Tong Yang · Yu Huang · Yingbin Liang · Yuejie Chi

West Ballroom A-D #7200
[ ]
Thu 12 Dec 4:30 p.m. PST — 7:30 p.m. PST

Abstract: In-context learning (ICL) refers to a remarkable capability of pre-trained large language models, which can learn a new task given a few examples during inference. However, theoretical understanding of in-context learning is largely under-explored, particularly whether transformers can be trained to generalize to unseen examples in a prompt, which will require the model to acquire the contextual knowledge of the prompt for generalization. This paper investigates the training dynamics of transformers by gradient descent through the lens of non-linear regression tasks. The contextual generalization here can be attained via the in-context learning of the template function for each task, where all template functions lie in a linear space with $m$ basis functions.
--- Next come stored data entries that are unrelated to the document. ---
(* Let $\lambda=\langle1^{m_1},2^{m_2},\dots,k^{m_k}\rangle$ with all $m_i>0$, $n\ge1$, $x_1,\dots,x_n>0$, $t>0$, and put $M_j=m_j+\dots+m_k$, $M_{k+1}=0$. For $1\le j\le k$, the stationary current of species $j$ in the mTAZRP of type $\lambda$ on $n$ sites, i.e. $\sum_w\pi(w)\,x_1^{-1}t^{d_j(w)}[c_j(w)]_t$ where $\pi$ is the stationary distribution and $c_j(w)$, $d_j(w)$ are the numbers of particles at site $1$ of species $j$ and of species $>j$ respectively, equals $$[M_j]_t\frac{\widetilde H_{\langle1^{M_j-1}\rangle}(x;1,t)}{\widetilde H_{\langle1^{M_j}\rangle}(x;1,t)}-[M_{j+1}]_t\frac{\widetilde H_{\langle1^{M_{j+1}-1}\rangle}(x;1,t)}{\widetilde H_{\langle1^{M_{j+1}}\rangle}(x;1,t)},$$ where the second term is $0$ when $j=k$ and $x=(x_1,\dots,x_n)$.
   Context: mTAZRP: for a partition $\lambda$ and $n\ge1$, sites $1,\dots,n$ on a ring (site $n+1$ is site $1$); a configuration assigns to each site a multiset of species with union the multiset of parts of $\lambda$; if site $j$ has $c$ particles of species $r$ and $d$ of species larger than $r$, a particle of species $r$ jumps from $j$ to $j+1$ at rate $x_j^{-1}t^d[c]_t$. $\langle1^{m_1},\dots,k^{m_k}\rangle$ is the partition with part $i$ occurring $m_i$ times. Notation: $[a]_t=1+t+\dots+t^{a-1}$ ($[0]_t=0$), $[a]_t!=\prod_{b\le a}[b]_t$, $\begin{bmatrix}m\\ \eta_1,\dots,\eta_n\end{bmatrix}_t=[m]_t!/\prod_i[\eta_i]_t!$, $\widetilde H_{\langle1^m\rangle}(x_1,\dots,x_n;1,t)=\sum_{\eta_1+\dots+\eta_n=m,\ \eta_i\ge0}\begin{bmatrix}m\\ \eta_1,\dots,\eta_n\end{bmatrix}_t\prod_i x_i^{\eta_i}$, with $\widetilde H_{\langle1^0\rangle}=1$. *)

From mathcomp Require Import all_boot all_order all_algebra.
Set Implicit Arguments. Unset Strict Implicit. Unset Printing Implicit Defensive.
Import GRing.Theory Num.Theory.
Local Open Scope ring_scope.
(* For every $h\in\widehat{\operatorname{PC}^{\bowtie}}$ and every order-preserving homeomorphism $\phi$ of $[0,1[$, one has $\varepsilon(h\phi)=\varepsilon(h)=\varepsilon(\phi h)$.
   Context: $X=[0,1[$; $\widehat{\operatorname{PC}^{\bowtie}}$ is the group of bijections $X\to X$ continuous outside a finite subset, containing the group ${\mathfrak S}_{\mathrm{fin}}$ of finitely supported permutations with classical signature $\operatorname{sgn}$ valued in $\mathbb{Z}/2\mathbb{Z}$. For $h\in\widehat{\operatorname{PC}^{\bowtie}}$, a partition associated with $h$ is a finite partition $\mathcal P=\{I_1,\dots,I_n\}$ of $X$ into intervals $I_j=[\alpha_j,b_j[$ such that $h$ is continuous on $I_j^\circ=]\alpha_j,b_j[$ for each $j$ (so $h$ is strictly monotone there and $h(I_j^\circ)$ is an open interval). Let $\beta_j$ be the left endpoint of $h(I_j^\circ)$; $\{h(\alpha_j)\}=\{\beta_j\}$, and $\sigma_{(h,\mathcal P)}\in{\mathfrak S}_{\mathrm{fin}}$ sends $h(\alpha_j)$ to $\beta_j$ for each $j$ and fixes all other points. $R(h,\mathcal P)$ is the number of $j$ with $h$ decreasing on $I_j^\circ$, and $\varepsilon(h,\mathcal P)=R(h,\mathcal P)+\operatorname{sgn}(\sigma_{(h,\mathcal P)})\bmod 2$. There is a unique associated partition $\mathcal P^{\min}_h$ with the fewest intervals, every associated partition refines it, and $\varepsilon(h):=\varepsilon(h,\mathcal P^{\min}_h)$. *)

From Stdlib Require Import Reals Lra List ClassicalEpsilon.
Import ListNotations.
Open Scope R_scope.
(* Let $P$ and $Q$ be partial orders on the same finite ground set, and suppose the comparability graph of $P$ contains the comparability graph of $Q$ as a subgraph. Then $e(Q)\ge e(P)$, and if the containment is proper then $e(Q)>e(P)$.
   Context: The comparability graph of a poset is the simple graph on its ground set in which two distinct elements are adjacent iff they are comparable. $e(\cdot)$ denotes the number of linear extensions (order-preserving bijections from the ground set of size $n$ onto $[n]$). *)

From mathcomp Require Import all_boot.
Set Implicit Arguments. Unset Strict Implicit. Unset Printing Implicit Defensive.

Definition is_partial_order {T : finType} (P : rel T) : Prop :=
  reflexive P /\ antisymmetric P /\ transitive P.

Definition comparable_in {T : finType} (P : rel T) (x y : T) : bool :=
  (x != y) && (P x y || P y x).

Definition is_linext {T : finType} (P : rel T) (f : {ffun T -> 'I_#|T|}) : bool :=
  injectiveb f && [forall x, forall y, P x y ==> (f x <= f y)].

Definition num_linext {T : finType} (P : rel T) : nat :=
  #|[set f : {ffun T -> 'I_#|T|} | is_linext P f]|.

From mathcomp Require Import all_boot zify.
Set Implicit Arguments. Unset Strict Implicit. Unset Printing Implicit Defensive.

(* Stanley's transfer map [f |-> (x |-> f x - max_(y < x) f y)] is a bijection
   between the strictly order-preserving maps T -> {1..N} and the lattice points of
   the N-dilated chain polytope {g > 0 | g sums to at most N on every chain}. The
   chain polytope only sees chains, i.e. the comparability graph, and it grows when
   chains disappear, so the strict maps of P are at most as many as those of Q.
   Injective strict maps number e(R) times the number of increasing n-sequences in
   {1..N}, while the non-injective ones are of lower order in N; for N large this
   gives e(P) <= e(Q). If a, b are comparable in P but not in Q, one exhibits a
   family of order N^n chain-polytope points of Q that are not points for P, which
   makes the inequality strict. *)

Section ChainTransfer.
Variables (T : finType) (R : rel T).
Hypotheses (Rrefl : reflexive R) (Ranti : antisymmetric R) (Rtrans : transitive R).
Variable N : nat.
We analyze the training dynamics of multi-head transformers to {in-contextly} predict unlabeled inputs given partially labeled prompts where the labels contain Gaussian noise and there may be only a few examples in each prompt which are not sufficient to determine the template. We show that the training loss for a shallow multi-head transformer converge linearly to a global minimum. Moreover, the transformer effectively learns to perform ridge regression. To our knowledge, this study is the first of showing that transformers can learn contextual (i.e., template) information to generalize to unseen examples when prompts contain only a small number of query-answer pairs.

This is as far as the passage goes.